Teresa Barbuto mentre inserisce la scheda elettorale nel contenitore
2 minuti per la letturaA 99 anni al seggio per votare: a Maierato l’emozione della signora Teresa Barbuto nel giorno delle elezioni comunali
VIBO VALENTIA – C’è chi considera il voto un gesto scontato e chi, invece, continua a viverlo come un dovere civile da custodire con orgoglio; a Maierato, durante le elezioni comunali, uno dei momenti più emozionanti della giornata è stato quello vissuto dalla signora Teresa Barbuto, che a 99 anni si è recata al seggio per esprimere ancora una volta il proprio diritto al voto.

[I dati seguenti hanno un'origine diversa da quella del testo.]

Lemma ler_mul_of_ratio (R : realFieldType) (V : zmodType) (f g : V -> R) t c :
  f 0 = 0 -> (forall W, 0 <= f W) -> (forall W, 0 <= g W) -> 0 <= c ->
  (forall W, W != 0 -> f W != 0 -> t <= c * (g W / f W)) ->
  forall W, t * f W <= c * g W.
Proof.
move=> f0 f_ge0 g_ge0 c_ge0 ratio_ge W.
have [->|fW_neq0] := eqVneq (f W) 0; first by rewrite mulr0 mulr_ge0.
have W_neq0 : W != 0 by apply: contra_neq fW_neq0 => ->.
have fW_gt0 : 0 < f W by rewrite lt_def fW_neq0 f_ge0.
by have := ratio_ge W W_neq0 fW_neq0; rewrite mulrA ler_pdivlMr.
Qed.

Section EnergyBound.
Variables (R : realType) (F V1 V2 : lmodType R) (ip a : F -> F -> R)
  (T10 T11 : {linear V1 -> F}) (T20 T21 : {linear V2 -> F})
  (tau : R) (U1 : nat -> V1) (U2 : nat -> V2).
Hypothesis (aS : sym_bilinear a).

Local Notation T1 := (T1 T10 T11).
Local Notation T2 := (T2 T20 T21).
Local Notation energy := (energy ip a T10 T11 T20 T21 tau U1 U2).
Local Notation energy_lower := (energy_lower a T10 T11 T20 T21 U1 U2).

Lemma energy_lower_ge0 n : (forall u, 0 <= a u u) -> 0 <= energy_lower n.
Proof.
by move=> a_ge0; rewrite /Defs.energy_lower; do ![apply: (pair_sqnorm_ge0 aS) | apply: addr_ge0].
Qed.

Lemma energy_lower_le_energy g n : 0 < tau ->
  (forall W, tau ^+ 2 * a (T21 W) (T21 W) <= 2 * (1 - g ^+ 2) * ip (T2 W) (T2 W)) ->
  (forall W1 W2, (1 - g ^+ 2) * ip (T2 W2) (T2 W2) <= pair_sqnorm ip T1 T2 W1 W2) ->
  energy_lower n <= energy n.
Proof.
move=> tau_gt0 stiff_le_mass mass_ge.
have := stiff_le_mass (U2 n.+1 - U2 n); have := mass_ge (U1 n.+1 - U1 n) (U2 n.+1 - U2 n).
rewrite /energy; set A := a _ _; set K := pair_sqnorm _ _ _ _ _ => K_ge A_le.
suff : A <= 2 / tau ^+ 2 * K by lra.
by rewrite mulrAC ler_pdivlMr ?exprn_gt0 //; lra.
Qed.

End EnergyBound.

Theorem theorem2 (R : realType) (F V1 V2 : lmodType R)
  (ip a : F -> F -> R)
  (T10 T11 : {linear V1 -> F}) (T20 T21 : {linear V2 -> F})
  (tau gamma : R) (U1 : nat -> V1) (U2 : nat -> V2) :
  (* (.,.) : an inner product on F *)
  sym_bilinear ip -> (forall u : F, u != 0 -> 0 < ip u u) ->
  (* a : symmetric positive semidefinite bilinear form on F *)
  sym_bilinear a -> (forall u : F, 0 <= a u u) ->
  0 < tau ->
  gamma = sup (gamma_set ip (T1 T10 T11) (T2 T20 T21)) ->
  0 < gamma < 1 ->
  (* tau^2 <= 2 (1 - gamma^2) inf_{W <> 0} ||W||_{m22}^2 / ||W||_{a22}^2 *)
  (forall W : V2, W != 0 -> a (T21 W) (T21 W) != 0 ->
     tau ^+ 2 <= 2 * (1 - gamma ^+ 2) *
       (ip (T2 T20 T21 W) (T2 T20 T21 W) / a (T21 W) (T21 W))) ->
  scheme1 ip a T10 T11 T20 T21 tau U1 U2 ->
  forall n : nat,
    energy ip a T10 T11 T20 T21 tau U1 U2 n
      = energy ip a T10 T11 T20 T21 tau U1 U2 0 /\
    energy_lower a T10 T11 T20 T21 U1 U2 n
      <= energy ip a T10 T11 T20 T21 tau U1 U2 n /\
    0 <= energy_lower a T10 T11 T20 T21 U1 U2 n.
Proof.
move=> ipS ip_gt0 aS a_ge0 tau_gt0 gamma_def /andP[gamma_gt0 gamma_lt1] cfl scheme n.
have cfl_const_ge0 : 0 <= 2 * (1 - gamma ^+ 2).
  by rewrite mulr_ge0 // subr_ge0 expr_le1 ?ltW.
have stiff_le_mass : forall W, tau ^+ 2 * a (T21 W) (T21 W)
    <= 2 * (1 - gamma ^+ 2) * ip (T2 T20 T21 W) (T2 T20 T21 W).
  apply: (ler_mul_of_ratio (f := fun W => a (T21 W) (T21 W))) => //= [|W].
  - by rewrite linear0 bilin0l.
  - exact: ip_ge0.
split; first exact: energy_conserved.
split; last exact: energy_lower_ge0.
apply: (energy_lower_le_energy _ _ _ tau_gt0 stiff_le_mass) => W1 W2.
exact: pair_sqnorm_ge.
Qed.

Accompagnata dalla nipote Mariangela, la donna è arrivata al seggio tra lo stupore e la commozione dei presenti. Per lei non si è trattato di una semplice partecipazione elettorale, ma di un gesto carico di significato, reso ancora più simbolico dall’anniversario degli 80 anni dal riconoscimento del diritto di voto alle donne in Italia.
All’interno del seggio l’ingresso della signora Teresa vi è stato un applauso spontaneo. Qualche parola scambiata con i presenti, poi il momento più importante: quello dell’ingresso nella cabina elettorale, vissuto con la stessa determinazione che l’ha accompagnata per tutta la vita.
SEMPRE AL VOTO DAL 1946
Nonostante l’età avanzata, infatti, Teresa Barbuto non ha mai rinunciato al voto dal 1946 ad oggi. Un legame profondo con la partecipazione democratica costruito nel corso di una vita attraversata da sacrifici, lavoro e cambiamenti storici.

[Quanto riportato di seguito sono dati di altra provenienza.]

Lemma in_perp_bracketL0_imag (j : 'I_n) : z j != 0 ->
  (bracket X p (L j) ord0)^* = - bracket X p (L j) ord0.
Proof.
move=> z_j.
have sum_imag : (\sum_(l < n) X (L j) (L l) * z l)^* = - \sum_(l < n) X (L j) (L l) * z l.
  rewrite rmorph_sum -sumrN; apply: eq_bigr => l _; rewrite rmorphM /= (conj_Creal (z_real l)).
  have [->|z_l] := eqVneq (z l) 0; first by rewrite !mulr0 oppr0.
  by rewrite in_perp_LL_imag // mulNr.
rewrite bracketL0 !rmorphB !rmorphD !rmorphM /= sum_imag.
rewrite !(conj_Creal (z_real _)) (conj_Creal c_real) (conj_Creal (mu_real _ (ltn_ord _))).
by rewrite in_perp_col0_imag // skew_hermE //; ring.
Qed.

End Perp.

Lemma tr_bracket_mul (X Y : 'M[C]_n.+1) : skew_herm X -> skew_herm Y -> in_perp lam mu Y ->
  \tr (bracket Y p *m X) = \sum_(j < n) ((bracket Y p (L j) ord0)^* * X (L j) ord0
                                          - bracket Y p (L j) ord0 * (X (L j) ord0)^*).
Proof.
move=> skewX skewY perpY; set b := bracket Y p.
have b00 : b ord0 ord0 = 0.
  have : \tr b = 0 by rewrite /b /bracket raddfB /= mxtrace_mulC subrr.
  by rewrite /mxtrace big_ord_recl big1 ?addr0 // => j _; rewrite /b in_perp_bracketLL.
have b0L j : b ord0 (L j) = (b (L j) ord0)^* by rewrite -adjmxE bracket_herm.
rewrite /mxtrace big_ord_recl mxE big_ord_recl b00 mul0r add0r.
rewrite [Z in _ + Z = _](eq_bigr (fun j => b (L j) ord0 * X ord0 (L j))) => [|j _]; last first.
  by rewrite mxE big_ord_recl big1 ?addr0 // => k _; rewrite in_perp_bracketLL ?mul0r.
rewrite -big_split /=; apply: eq_bigr => j _.
by rewrite b0L -[X ord0 (L j)]opprK -skew_hermE //; ring.
Qed.

Lemma omegaL_perp (X Y : 'M[C]_n.+1) : skew_herm X -> skew_herm Y -> in_perp lam mu Y ->
  omegaL p X Y = 'i^-1 * \sum_(j < n) ((bracket Y p (L j) ord0)^* * X (L j) ord0
                                        - bracket Y p (L j) ord0 * (X (L j) ord0)^*).
Proof.
move=> skewX skewY perpY; rewrite -tr_bracket_mul // -[RHS]opprK -omegaL_bracket.
by rewrite /omegaL -[X *m Y - _]opprB mulmxN raddfN mulrN.
Qed.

Nata il 20 aprile 1920, Teresa Barbuto ha lavorato per anni come bracciante agricola. Cresciuta insieme a quattro fratelli, è madre di quattro figli, nonna di cinque nipoti e bisnonna di tre pronipoti.
A raccontare l’emozione di questa giornata è stata la nipote Mariangela, che ha affidato ai social un messaggio carico di affetto e significato civile: «A 99 anni, con la stessa dignità e determinazione di una vita intera, oggi mia nonna non ha rinunciato ad esercitare il suo diritto al voto. In un tempo in cui spesso si dà per scontata la democrazia, il suo gesto ci ricorda quanto sia preziosa la libertà conquistata da generazioni che hanno conosciuto sacrifici, guerre, rinascita e speranza».
Parole che hanno accompagnato l’immagine di una donna capace ancora oggi di trasmettere il valore della partecipazione democratica e del senso civico: «Entrare in quella cabina elettorale, con la forza della memoria e il senso del dovere civico, vale più di mille parole – ha aggiunto Mariangela –. Perché votare non è solo un diritto: è partecipazione, responsabilità, amore per il proprio Paese».
E per chi abbia votato la signora Teresa, solo lei lo sa. Perché il voto è segreto.